Wednesday, November 2, 2011

Xenon in Reactor 2: TEPCO Now Says "Spontaneous Fission" of Curium

After confidently saying it may have been criticality in the press conference on November 2, TEPCO's Matsumoto now says it is spontaneous fission of curium in the reactor.

On the other hand, the Nuclear and Industrial Safety Agency, who was skeptical of criticality yesterday, now says, "We cannot rule out the possibility of localized criticality."

OK it's a "good cop, bad cop" routine, or a "covering all the bases" approach. If both "spontaneous fission" and "criticality" are mentioned in the same news, the Japanese government/TEPCO can say "See, we told you, either way."

From NHK News (11/3/2011):


Regarding the radioactive xenon detected from the gas inside Reactor 2 of Fukushima I Nuclear Power Plant, TEPCO revealed that the analysis of the amount of xenon detected led the company to conclude that it was a natural fission of a radioactive material, not criticality where nuclear fission takes place continuously.
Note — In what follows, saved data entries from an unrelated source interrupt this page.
(* Let $\pi,\tau\in\mathfrak{S}_m$. Then $\pi$ and $\tau$ are super-strongly c-Wilf equivalent if and only if $r^\pi_{n,S}=r^\tau_{n,S}$ for all $n$ and all sets $S$ of positive integers.
   Context: The standardization $\operatorname{st}(w)$ of a word of distinct integers replaces its smallest entry by 1, the next smallest by 2, etc. For $\pi\in\mathfrak{S}_m$ and $\sigma\in\mathfrak{S}_n$, $\operatorname{Em}(\pi,\sigma)=\{i\in[n-m+1]:\operatorname{st}(\sigma_i\cdots\sigma_{i+m-1})=\pi\}$. For a set $S$ of positive integers, $a^\pi_{n,S}$ is the number of $\sigma\in\mathfrak{S}_n$ with $\operatorname{Em}(\pi,\sigma)=S$; $\pi,\tau$ are super-strongly c-Wilf equivalent if $a^\pi_{n,S}=a^\tau_{n,S}$ for all $n,S$. The overlap set is $\mathcal{O}_\pi=\{i\in[m-1]:\operatorname{st}(\pi_{i+1}\cdots\pi_m)=\operatorname{st}(\pi_1\cdots\pi_{m-i})\}$. The refined cluster number $r^\pi_{n,S}$ is defined as follows: if $S=\{i_1<\dots<i_k\}\subseteq[n-m+1]$ satisfies $i_1=1$, $i_k=n-m+1$ and $i_{j+1}-i_j\in\mathcal{O}_\pi$ for all $j\in[k-1]$, then $r^\pi_{n,S}$ is the number of $\sigma\in\mathfrak{S}_n$ with $S\subseteq\operatorname{Em}(\pi,\sigma)$; otherwise $r^\pi_{n,S}=0$. *)

From mathcomp Require Import all_boot all_order all_fingroup.
From mathcomp Require Import finmap.
Set Implicit Arguments. Unset Strict Implicit. Unset Printing Implicit Defensive.
Local Open Scope fset_scope.

(* A permutation sigma in S_n (perm of 'I_n) is viewed as the word
   sigma_1 ... sigma_n with sigma_k = (sigma (k-1)).+1  (values in 1..n). *)
Definition word (n : nat) (s : 'S_n) : seq nat :=
  [seq (s i).+1 | i <- enum 'I_n].

Definition st (w : seq nat) : seq nat :=
  [seq (count (fun y => y < x) w).+1 | x <- w].

Definition factor (w : seq nat) (i m : nat) : seq nat := take m (drop i.-1 w).

Definition Em (m n : nat) (p : 'S_m) (s : 'S_n) : {fset nat} :=
  [fset i | i in iota 1 (n - m + 1)%N & st (factor (word s) i m) == word p].

Definition a_num (m : nat) (p : 'S_m) (n : nat) (S : {fset nat}) : nat :=
  #|[set s : 'S_n | Em p s == S]|.

Definition overlap (m : nat) (p : 'S_m) : pred nat :=
  fun i => [&& 1 <= i, i <= (m - 1)%N &
     st (drop i (word p)) == st (take (m - i)%N (word p))].

Definition cluster_set (m : nat) (p : 'S_m) (n : nat) (S : {fset nat}) : bool :=
  let l := sort leq S in
  [&& S `<=` [fset i | i in iota 1 (n - m + 1)%N],
      head 0 l == 1, last 0 l == (n - m + 1)%N &
      all (fun j => overlap p (nth 0 l j.+1 - nth 0 l j)%N) (iota 0 (size l).-1)].

Definition r_num (m : nat) (p : 'S_m) (n : nat) (S : {fset nat}) : nat :=
  if cluster_set p n S then #|[set s : 'S_n | S `<=` Em p s]| else 0.

Definition super_strongly_cwilf (m : nat) (p t : 'S_m) : Prop :=
  forall (n : nat) (S : {fset nat}), a_num p n S = a_num t n S.

From mathcomp Require Import all_boot all_order all_fingroup.
From mathcomp Require Import finmap zify.
Set Implicit Arguments. Unset Strict Implicit. Unset Printing Implicit Defensive.
Local Open Scope fset_scope.
Local Open Scope nat_scope.

(* Let b^pi_{n,S} count the sigma with S contained in Em(pi, sigma).  Since
   b_{n,S} is the sum of the a_{n,T} over T containing S, the families a^pi and
   b^pi determine each other (downward induction on |S|).  Two occurrences of
   pi at distance d < m force d to lie in O_pi; so if S is a cluster set for pi
   or for tau, then r_{n,S} = b_{n,S} for both patterns, and otherwise both r's
   vanish.  Conversely, split S into maximal runs with gaps < m.  The
   occurrences of a run live in one window of sigma, the windows of distinct
   runs are disjoint, and permuting the entries inside one window fixes the
   patterns of all the others.  Hence b_{n,S} only depends on the number of
   admissible patterns of each window, which is the refined cluster number of
   the run shifted to start at 1. *)

Definition rank (w : seq nat) (x : nat) : nat := (count (fun y => y < x) w).+1.

Lemma stE (w : seq nat) : st w = map (rank w) w.
Proof. by []. Qed.

Lemma st_map (g : nat -> nat) (w : seq nat) :
  {in w &, forall x y, (g x < g y) = (x < y)} -> st (map g w) = st w.
Proof.
move=> g_mono; rewrite /st -map_comp; apply/eq_in_map => x xw /=.
by rewrite count_map; congr S; apply: eq_in_count => y yw; apply: g_mono.
Qed.

Lemma count_lt_mono (w : seq nat) (x y : nat) : x \in w -> x < y ->
  count (fun z => z < x) w < count (fun z => z < y) w.
Proof.
move=> xw xy; rewrite -[count _ w in X in _ < X]size_filter.
rewrite -(count_predC (fun z => z < x)) !count_filter -addn1 leq_add //.
  by apply: sub_count => z /= zx; rewrite zx (ltn_trans zx xy).
by rewrite -has_count; apply/hasP; exists x; rewrite //= xy ltnn.
Qed.

Lemma rank_mono (w : seq nat) : {in w &, forall x y, (rank w x < rank w y) = (x < y)}.
Proof.
move=> x y xw _; rewrite ltnS; case: (ltnP x y) => [|yx]; first exact: count_lt_mono.
by apply/negbTE; rewrite -leqNgt; apply: sub_count => z /= zy; apply: leq_trans yx.
Qed.

Lemma st_map_rank (w v : seq nat) : {subset v <= w} -> st (map (rank w) v) = st v.
Proof. by move=> vw; apply: st_map => x y /vw xw /vw yw; apply: rank_mono. Qed.

Lemma st_drop_st (d : nat) (w : seq nat) : st (drop d (st w)) = st (drop d w).
Proof. by rewrite [st w]stE -map_drop st_map_rank // => x /mem_drop. Qed.

Lemma st_take_st (d : nat) (w : seq nat) : st (take d (st w)) = st (take d w).
Proof. by rewrite [st w]stE -map_take st_map_rank // => x /mem_take. Qed.

Definition positions (m n : nat) : {fset nat} := [fset i | i in iota 1 (n - m + 1)].

Lemma mem_positions (m n i : nat) : (i \in positions m n) = (0 < i <= n - m + 1).
Proof. by rewrite inE mem_iota; case: i => //= i; rewrite add1n ltnS. Qed.

Lemma size_word n (s : 'S_n) : size (word s) = n.
Proof. by rewrite size_map size_enum_ord. Qed.

Lemma nth_word n (s : 'S_n) (i : 'I_n) : nth 0 (word s) i = (s i).+1.
Proof. by rewrite (nth_map i) ?size_enum_ord // nth_ord_enum. Qed.

Lemma uniq_word n (s : 'S_n) : uniq (word s).
Proof. by rewrite map_inj_uniq ?enum_uniq // => i j /succn_inj /val_inj /perm_inj. Qed.

Definition occurs_at m (p : 'S_m) n (s : 'S_n) (i : nat) : bool :=
  st (factor (word s) i m) == word p.

Section Occurrences.
Variables (m n : nat) (p : 'S_m) (s : 'S_n).

Lemma mem_Em (i : nat) : (i \in Em p s) = (i \in positions m n) && occurs_at p s i.
Proof. by rewrite !inE. Qed.

Lemma Em_sub_positions : Em p s `<=` positions m n.
Proof. by apply/fsubsetP => i; rewrite mem_Em => /andP[]. Qed.

Lemma Em_fset0 : n < m -> Em p s = fset0.
Proof.
move=> nm; apply/fsetP => i; rewrite mem_Em inE; apply/negbTE/nandP; right.
apply/eqP => /(congr1 size); rewrite size_map size_word size_take size_drop size_word.
case: ifP; lia.
Qed.
Definition unital_nowhere0 (p : {poly R}) := p.[0] = 1 /\ forall t, p.[t] != 0.

Lemma unital_nowhere0_1 : unital_nowhere0 1.
Proof. by split=> [|t]; rewrite hornerC ?oner_neq0. Qed.

Lemma unital_nowhere0_quad_exp : unital_nowhere0 quad_exp.
Proof.
rewrite /quad_exp; split=> [|t]; rewrite !hornerE; first by rewrite expr0n /= !addr0.
by apply/eqP => q0; nra.
Qed.

Lemma deriv_at0_0 : deriv_at0 0 = 0. Proof. by rewrite /deriv_at0 deriv0 horner0. Qed.
Lemma deriv_at0_1 : deriv_at0 1 = 0. Proof. by rewrite /deriv_at0 derivC horner0. Qed.
Lemma deriv_at0_X : deriv_at0 'X = 1. Proof. by rewrite /deriv_at0 derivX hornerC. Qed.
Lemma deriv_at0_quad_exp : deriv_at0 quad_exp = 1.
Proof. by rewrite /deriv_at0 /quad_exp !poly.derivE !hornerE /= !addr0. Qed.

Lemma gram_velocity_mx3 (a b c d e f g h k : {poly R}) :
  gram_velocity (mx3 a b c d e f g h k) =
  mx3 (deriv_at0 a + deriv_at0 a) (deriv_at0 d + deriv_at0 b) (deriv_at0 g + deriv_at0 c)
      (deriv_at0 b + deriv_at0 d) (deriv_at0 e + deriv_at0 e) (deriv_at0 h + deriv_at0 f)
      (deriv_at0 c + deriv_at0 g) (deriv_at0 f + deriv_at0 h) (deriv_at0 k + deriv_at0 k).
Proof. by apply/matrixP => i j; rewrite !mxE; case3 i; case3 j. Qed.

Lemma diag3_tangent_inner_products (a b c : {poly R}) :
  unital_nowhere0 a -> unital_nowhere0 b -> unital_nowhere0 c ->
  tangent_vectors (@inner_products R) 1%:M (gram_velocity (diag3 a b c)).
Proof.
move=> [a0 a_neq0] [b0 b_neq0] [c0 c_neq0].
apply: gram_velocity_tangent_inner_products; first by apply/trig3P; rewrite !mxE.
  by move=> t i; case3 i; rewrite mxE.
by apply/matrixP => i j; rewrite !mxE; case3 i; case3 j; rewrite /= horner_evalE ?horner0.
Qed.

Lemma diag3_tangent_orbit (a b : {poly R}) : unital_nowhere0 a -> unital_nowhere0 b ->
  tangent_vectors (RAut_orbit 1%:M) 1%:M (gram_velocity (diag3 a b b)).
Proof.
move=> [a0 a_neq0] [b0 b_neq0].
apply: gram_velocity_tangent_orbit; first by apply/trig3P; rewrite !mxE.
- by move=> t i; case3 i; rewrite mxE.
- by apply/matrixP => i j; rewrite !mxE; case3 i; case3 j; rewrite /= horner_evalE ?horner0.
- by rewrite !mxE.
Qed.

Lemma unitri3_tangent_orbit (x y z : {poly R}) : x.[0] = 0 -> y.[0] = 0 -> z.[0] = 0 ->
  tangent_vectors (RAut_orbit 1%:M) 1%:M (gram_velocity (unitri3 x y z)).
Proof.
move=> x0 y0 z0; apply: gram_velocity_tangent_orbit; first by apply/trig3P; rewrite !mxE.
- by move=> t i; case3 i; rewrite mxE /= hornerC oner_neq0.
- by apply/matrixP => i j; rewrite !mxE; case3 i; case3 j; rewrite /= horner_evalE ?hornerC ?horner0.
- by rewrite !mxE.
Qed.

Definition orbit_curves : seq 'M[{poly R}]_3 :=
  [:: diag3 quad_exp 1 1; diag3 1 quad_exp quad_exp;
      unitri3 'X 0 0; unitri3 0 'X 0; unitri3 0 0 'X].

Definition inner_products_curves : seq 'M[{poly R}]_3 :=
  [:: diag3 quad_exp 1 1; diag3 1 quad_exp 1; diag3 1 1 quad_exp;
      unitri3 'X 0 0; unitri3 0 'X 0; unitri3 0 0 'X].

Lemma orbit_curves_tangent V : V \in map gram_velocity orbit_curves ->
  tangent_vectors (RAut_orbit 1%:M) 1%:M V.
Proof.
move=> /mapP[H /(nthP 0)[k lt_k <-] ->]; have u1 := unital_nowhere0_1.
have uq := unital_nowhere0_quad_exp.
case: k lt_k => [|[|[|[|[|k]]]]] //= _.
- exact: diag3_tangent_orbit.
- exact: diag3_tangent_orbit.
all: by apply: unitri3_tangent_orbit; rewrite ?hornerX ?horner0.
Qed.

Lemma inner_products_curves_tangent V : V \in map gram_velocity inner_products_curves ->
  tangent_vectors (@inner_products R) 1%:M V.
Proof.
move=> /mapP[H /(nthP 0)[k lt_k <-] ->]; have u1 := unital_nowhere0_1.
have uq := unital_nowhere0_quad_exp.
case: k lt_k => [|[|[|[|[|[|k]]]]]] //= _.
- exact: diag3_tangent_inner_products.
- exact: diag3_tangent_inner_products.
- exact: diag3_tangent_inner_products.
all: apply: tangent_vectors_sub RAut_orbit1_sub _ _.
all: by apply: unitri3_tangent_orbit; rewrite ?hornerX ?horner0.
Qed.

Local Ltac entry_witness :=
  move=> [[|[|[|[|[|[|?]]]]]] ?] // [[|[|[|[|[|[|?]]]]]] ?] //=;
  rewrite gram_velocity_mx3 !mxE /= ?(deriv_at0_0, deriv_at0_1, deriv_at0_X, deriv_at0_quad_exp);
  by rewrite ?(addr0, add0r, eqxx, oner_eq0) -?mulr2n ?pnatr_eq0.

Lemma free_orbit_basis : free (map gram_velocity orbit_curves).
Proof.
apply: (free_entry_witness (s := map_tuple gram_velocity (in_tuple orbit_curves))
  (e := fun i => nth (i0, i0) [:: (i0, i0); (i1, i1); (i1, i0); (i2, i0); (i2, i1)] i)).
entry_witness.
Qed.

Lemma free_inner_products_basis : free (map gram_velocity inner_products_curves).
Proof.
apply: (free_entry_witness (s := map_tuple gram_velocity (in_tuple inner_products_curves))
  (e := fun i => nth (i0, i0) [:: (i0, i0); (i1, i1); (i2, i2); (i1, i0); (i2, i0); (i2, i1)] i)).
entry_witness.
Qed.

Lemma gl_act_sym g P : P^T = P -> (gl_act g P)^T = gl_act g P.
Proof. by move=> sP; rewrite /gl_act !trmx_mul trmxK sP mulmxA. Qed.

(* With h = (invmx g) i2 i2, the action multiplies Q i2 i2 by h^2 and minor12 Q by h^4. *)
Lemma gl_act_minor12 Q g : Q^T = Q -> RAut g ->
  gl_act g Q i2 i2 ^+ 2 * minor12 Q = Q i2 i2 ^+ 2 * minor12 (gl_act g Q).
Proof.
move=> sQ /RAutP[ug tg g11]; have sym i j := sym_mxE i j sQ.
have /trig3P[h01 h02 h12] := trig_invmx ug tg.
have h11 : invmx g i2 i2 = invmx g i1 i1 by rewrite !trig_invmx_diag // g11.
rewrite /minor12 /gl_act !mulmx3E !mxE h01 h02 h12 h11 (sym i1 i2) (sym i0 i1) (sym i0 i2).
ring.
Qed.

(* \tr (orbit_normal Q *m V) is - Q i2 i2 ^+ 4 times the derivative at Q of the
   invariant minor12 Q / Q i2 i2 ^+ 2 in the direction V. *)
Definition orbit_normal Q : 'M[R]_3 :=
  mx3 0 0 0 0 (- Q i2 i2 ^+ 3) 0 0 (2 * Q i2 i2 ^+ 2 * Q i1 i2)
      (2 * Q i2 i2 * minor12 Q - Q i2 i2 ^+ 2 * Q i1 i1).

Lemma mxtrace_orbit_normal Q V : \tr (orbit_normal Q *m V) =
  - Q i2 i2 ^+ 3 * V i1 i1 + 2 * Q i2 i2 ^+ 2 * Q i1 i2 * V i1 i2 +
  (2 * Q i2 i2 * minor12 Q - Q i2 i2 ^+ 2 * Q i1 i1) * V i2 i2.
Proof.
by rewrite mxtrace3E !mulmx3E !mxE /=; ring.
Qed.

Lemma tangent_orbit_sym_perp Q V : inner_products Q ->
  tangent_vectors (RAut_orbit Q) Q V -> sym_perp (orbit_normal Q) V.
Proof.
move=> [sQ _] [c [sc [orb_c [c0 <-]]]].
have csym s i j : c s j i = c s i j.
  by have [g _ <-] := orb_c s; exact: sym_mxE _ _ (gl_act_sym g sQ).
split; first by apply/matrixP => i j; rewrite !mxE; congr derive1; apply/funext => s.
have d i j : derivable (fun s => c s i j) 0 1 := sc i j 0%N 0.
have d22 := derivable1M (d i2 i2) (d i2 i2).
have d1122 := derivable1M (d i1 i1) (d i2 i2).
have d1212 := derivable1M (d i1 i2) (d i1 i2).
have dminor := derivable1B d1122 d1212.
have invariant : (fun s => minor12 Q * (c s i2 i2 * c s i2 i2) -
    Q i2 i2 ^+ 2 * (c s i1 i1 * c s i2 i2 - c s i1 i2 * c s i1 i2)) = cst 0.
  apply/funext => s; have [g Rg cs] := orb_c s.
  move: (gl_act_minor12 sQ Rg); rewrite cs => invariant_s.
  by apply/eqP; rewrite /= subr_eq0 mulrC -expr2 invariant_s /minor12 !expr2.
have := derive1_cst (0 : R) 0; rewrite -invariant.
rewrite (derive1B (derivable1Ml (a := minor12 Q) d22) (derivable1Ml (a := Q i2 i2 ^+ 2) dminor)).
rewrite (derive1Ml _ d22) (derive1Ml _ dminor) (derive1B d1122 d1212).
rewrite (derive1M (d i2 i2) (d i2 i2)) (derive1M (d i1 i1) (d i2 i2)).
rewrite (derive1M (d i1 i2) (d i1 i2)) c0 => tangency.
by rewrite mxtrace_orbit_normal !mxE -[RHS]tangency /minor12; ring.
Qed.

Lemma tangent_inner_products_sym P V :
  tangent_vectors (@inner_products R) P V -> sym_perp 0 V.
Proof.
move=> [c [_ [pd_c [_ <-]]]]; split; last by rewrite mul0mx mxtrace0.
apply/matrixP => i j; rewrite !mxE; congr derive1; apply/funext => s.
exact: sym_mxE _ _ (pd_c s).1.
Qed.

Lemma orbit_tangent_free_size Q (s : seq 'M[R]_3) : inner_products Q -> free s ->
  (forall V, V \in s -> tangent_vectors (RAut_orbit Q) Q V) -> (size s <= 5)%N.
Proof.
move=> pdQ fs sT; apply: (sym_perp_free_size (W := orbit_normal Q)
  (idx := fun j => nth (i0, i0) [:: (i0, i0); (i0, i1); (i0, i2); (i1, i2); (i2, i2)] j)) fs _;
  last by move=> V /sT; apply: tangent_orbit_sym_perp.
move=> V [sV tV] V0.
move: (V0 (@Ordinal 5 0 isT)) (V0 (@Ordinal 5 1 isT)) (V0 (@Ordinal 5 2 isT)).
move: (V0 (@Ordinal 5 3 isT)) (V0 (@Ordinal 5 4 isT)) => /= v12 v22 v00 v01 v02.
have sym i j := sym_mxE i j sV.
have v11 : V i1 i1 = 0.
  move: tV; rewrite mxtrace_orbit_normal v12 v22 !mulr0 !addr0 => /eqP.
  by rewrite mulf_eq0 oppr_eq0 expf_eq0 /= (gt_eqF (inner_products_diag_gt0 i2 pdQ)) => /eqP.
by apply/matrixP => i j; rewrite mxE; case3 i; case3 j; rewrite // sym.
Qed.
(* For $n\geq 1$, let $E_n(p,q)=\sum_{\sigma\in\mathcal{Q}_n}p^{\operatorname{odd}(\sigma)}q^{\operatorname{even}(\sigma)}$. Then \[ E_n(p,q)=\sum_{k=0}^n {n\brack k}\,p^k(p+q)^{n-k}. \] In particular, for $n\geq 2$: $E_n(1,1)=(2n-1)!!$, $E_n(p,0)=n!\,p^n$, $E_n(1,-1)=1$ and $E_n(-1,1)=(-1)^n$.
   Context: Let $[n]_2$ be the multiset $\{1,1,2,2,\dots,n,n\}$. A Stirling permutation of order $n$ is a permutation $\sigma=\sigma_1\cdots\sigma_{2n}$ of $[n]_2$ such that for each $i\in[n]$ every entry between the two occurrences of $i$ is greater than $i$; $\mathcal{Q}_n$ is the set of these. A value $k\in[n]$ is an even (resp. odd) indexed entry of $\sigma$ if the first occurrence of $k$ in $\sigma$ is at an even (resp. odd) position; $\operatorname{even}(\sigma)$ and $\operatorname{odd}(\sigma)$ are the numbers of even and odd indexed entries (so $\operatorname{even}(\sigma)+\operatorname{odd}(\sigma)=n$). ${n\brack k}$ denotes the signless Stirling number of the first kind, the number of permutations of $[n]$ with exactly $k$ cycles. *)

From HB Require Import structures.
From mathcomp Require Import all_boot all_order all_algebra all_fingroup.
Set Implicit Arguments. Unset Strict Implicit. Unset Printing Implicit Defensive.
Import GRing.Theory.

Definition multiset2 (n : nat) : seq nat := flatten [seq [:: i; i] | i <- iota 1 n].

(* Stirling condition: for each value i, every entry strictly between the two
   occurrences of i is greater than i. *)
Definition stirling_cond (s : seq nat) : bool :=
  all (fun a => all (fun b => all (fun c =>
     (a < b < c) && (nth 0 s a == nth 0 s c) ==> (nth 0 s a < nth 0 s b))
   (iota 0 (size s))) (iota 0 (size s))) (iota 0 (size s)).

(* Q_n : the list of Stirling permutations of order n.
   [permutations] lists every permutation of the multiset exactly once. *)
Definition stirling_perms (n : nat) : seq (seq nat) :=
  [seq s <- permutations (multiset2 n) | stirling_cond s].

(* 1-based position of the first occurrence of k in s. *)
Definition first_pos (k : nat) (s : seq nat) : nat := (index k s).+1.

Definition even_ix (n : nat) (s : seq nat) : nat :=
  count (fun k => ~~ odd (first_pos k s)) (iota 1 n).
Definition odd_ix (n : nat) (s : seq nat) : nat :=
  count (fun k => odd (first_pos k s)) (iota 1 n).

Definition E (R : comNzRingType) (n : nat) (p q : R) : R :=
  \sum_(s <- stirling_perms n) p ^+ odd_ix n s * q ^+ even_ix n s.

(* signless Stirling number of the first kind: number of permutations of
   [n] (here 'I_n) with exactly k cycles (fixed points count as cycles). *)
Definition stirling1 (n k : nat) : nat :=
  #|[set s : 'S_n | #|porbits s| == k]|.

Definition odd_dfact (n : nat) : nat := \prod_(i < n) (2 * i + 1).

From mathcomp Require Import all_boot all_order all_algebra all_fingroup.
From mathcomp Require Import zify ring.
Import GRing.Theory.
Set Implicit Arguments. Unset Strict Implicit. Unset Printing Implicit Defensive.

(* The two copies of the largest entry of a Stirling permutation are adjacent,
   so every Stirling permutation of order n+1 arises in exactly one way by
   inserting the pair (n+1)(n+1) into one of the 2n+1 gaps of a Stirling
   permutation of order n.  Inserting into gap A moves the other first
   occurrences by 0 or 2 places and makes n+1 odd indexed iff A is even, whence
   E_(n+1) = E_n (p + n(p+q)) and E_n = prod_(i<n) (p + i(p+q)).  The cycle
   generating function of S_n obeys the same recurrence: a permutation of
   {0,...,n} is uniquely (j 0) composed with a permutation of {1,...,n}, and it
   has one more cycle than the latter iff j = 0.  The special values are
   evaluations of the product. *)

Lemma stirling_condP (s : seq nat) :
  reflect (forall a b c, a < b -> b < c -> c < size s ->
             nth 0 s a = nth 0 s c -> nth 0 s a < nth 0 s b)
          (stirling_cond s).
Proof.
apply: (iffP idP) => [/allP st a b c ab bc cs eac | st].
- have in_range i : i <= c -> i \in iota 0 (size s) by rewrite mem_iota; lia.
  have ac : a <= c by rewrite ltnW // (ltn_trans ab).
  have /allP/(_ b (in_range b (ltnW bc)))/allP := st a (in_range a ac).
  by move=> /(_ c (in_range c (leqnn c)))/implyP; apply; rewrite ab bc eac eqxx.
- apply/allP => a _; apply/allP => b _; apply/allP => c; rewrite mem_iota => cs.
  apply/implyP => /andP[/andP[ab bc] /eqP eac].
  by apply: st eac => //; case/andP: cs.
Qed.

Lemma nth_cat_addn (T : Type) (x0 : T) (s1 s2 : seq T) i :
  nth x0 (s1 ++ s2) (size s1 + i) = nth x0 s2 i.
Proof. by rewrite nth_cat ltnNge leq_addr addKn. Qed.

Section InsertPair.
Variables (a b : seq nat) (m : nat).

Let s := a ++ m :: m :: b.
Let t := a ++ b.
Let skip_pair i := if i < size a then i else i.+2.

Lemma nth_skip_pair i : nth 0 s (skip_pair i) = nth 0 t i.
Proof.
rewrite /skip_pair /s /t; case: ltnP => ai; first by rewrite !nth_cat ai.
by rewrite -(subnKC ai) -!addnS !nth_cat_addn.
Qed.

Lemma skip_pair_mono i j : (skip_pair i < skip_pair j) = (i < j).
Proof. by rewrite /skip_pair; case: (ltnP i (size a)); case: (ltnP j (size a)); lia. Qed.

Lemma nth_pair_fst : nth 0 s (size a) = m.
Proof. by rewrite -[size a]addn0 nth_cat_addn. Qed.

Lemma nth_pair_snd : nth 0 s (size a).+1 = m.
Proof. by rewrite -addn1 nth_cat_addn. Qed.

Lemma size_insert_pair : size s = (size t).+2.
Proof. by rewrite /s /t !size_cat /= !addnS. Qed.

Lemma insert_pair_position i : i < size s ->
  [\/ i = size a, i = (size a).+1 | exists2 j, j < size t & i = skip_pair j].
Proof.
rewrite size_insert_pair /skip_pair /t size_cat => lt_i.
case: (ltngtP i (size a)) => [lt_ia|gt_ia|->]; last exact: Or31.
- by apply: Or33; exists i; [lia | rewrite lt_ia].
- case: (eqVneq i (size a).+1) => [->|ne]; first exact: Or32.
  by apply: Or33; exists (i - 2); [lia | rewrite ifN; lia].
Qed.

Lemma odd_index_insert_pair k : k != m -> odd (index k s) = odd (index k t).
Proof.
move=> km; rewrite /s /t !index_cat; case: ifP => // _.
by rewrite /= eq_sym (negbTE km) !addnS /= negbK.
Qed.

Hypothesis lt_m : {in a ++ b, forall x, x < m}.

Lemma nth_lt_m j : j < size t -> nth 0 t j < m.
Proof. by move=> jt; apply: lt_m; rewrite mem_nth. Qed.

Lemma stirling_cond_insert_pair : stirling_cond s = stirling_cond t.
Proof.
apply/stirling_condP/stirling_condP => st.
- move=> i j k ij jk kt eik; rewrite -!nth_skip_pair.
  apply: (st (skip_pair i) (skip_pair j) (skip_pair k));
    rewrite ?skip_pair_mono ?nth_skip_pair //.
  by rewrite size_insert_pair /skip_pair; case: ifP; lia.
- move=> i j k ij jk ks; have lt_j_s : j < size s := ltn_trans jk ks.
  have neq_m j' : j' < size t -> (nth 0 t j' == m) = false.
    by move/nth_lt_m; rewrite ltn_neqAle => /andP[/negbTE].
  have lt_i_s : i < size s := ltn_trans ij lt_j_s.
  move: ij jk; have [-> | -> | [i' i't ->]] := insert_pair_position lt_i_s;
  have [-> | -> | [k' k't ->]] := insert_pair_position ks;
    rewrite ?nth_pair_fst ?nth_pair_snd ?nth_skip_pair => ij jk /eqP;
    rewrite 1?(eq_sym m) ?neq_m //; try lia.
  move=> /eqP eq_ik; move: ij jk.
  have [-> | -> | [j' j't ->]] := insert_pair_position lt_j_s;
    rewrite ?nth_pair_fst ?nth_pair_snd ?nth_skip_pair ?nth_lt_m //.
  rewrite !skip_pair_mono => ij jk.
  by apply: (st i' j' k'); rewrite // -size_insert_pair.
Qed.

End InsertPair.

Lemma perm_insert_pair (T : eqType) (a b : seq T) m :
  perm_eql (a ++ m :: m :: b) ((a ++ b) ++ [:: m; m]).
Proof. by apply/permPl; rewrite -catA perm_cat2l (perm_catC [:: m; m]). Qed.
The gas from inside the Containment Vessel of Reactor 2 was sampled and analyzed on November 1 and 2. A minute amount of xenon-135 was detected, and TEPCO said it was possible that there had been a recent nuclear fission, and that the localized criticality took place temporarily.


Since curium-242 and curium-244, the radioactive materials which exist in nuclear fuel, undergo natural fission and generate xenon, TEPCO calculated the density of xenon based on the amount of these nuclides. The calculation mostly matched the density detected from the samples.


According to TEPCO, the density of xenon would be much greater if there was a criticality. Xenon this time therefore is from spontaneous fission, not from criticality, says TEPCO. "Spontaneous fission" is a phenomenon in which radioactive materials other than uranium fissions naturally, and it does not cause criticality. TEPCO says it will submit the report of the findings to the Nuclear and Industrial Safety Agency under the Ministry of Economy, Trade and Industry, who will evaluate whether the conclusion is appropriate.


The NISA spokesman Yoshinori Moriyama says about TEPCO's analysis, "We think it is highly possible that it is a spontaneous fission, but we cannot rule out completely the possibility of localized criticality. We would like to evaluate TEPCO's analysis as well as analysis by experts. We will assess various risks and make sure TEPCO has emergency measures ready, including injecting water with boric acid."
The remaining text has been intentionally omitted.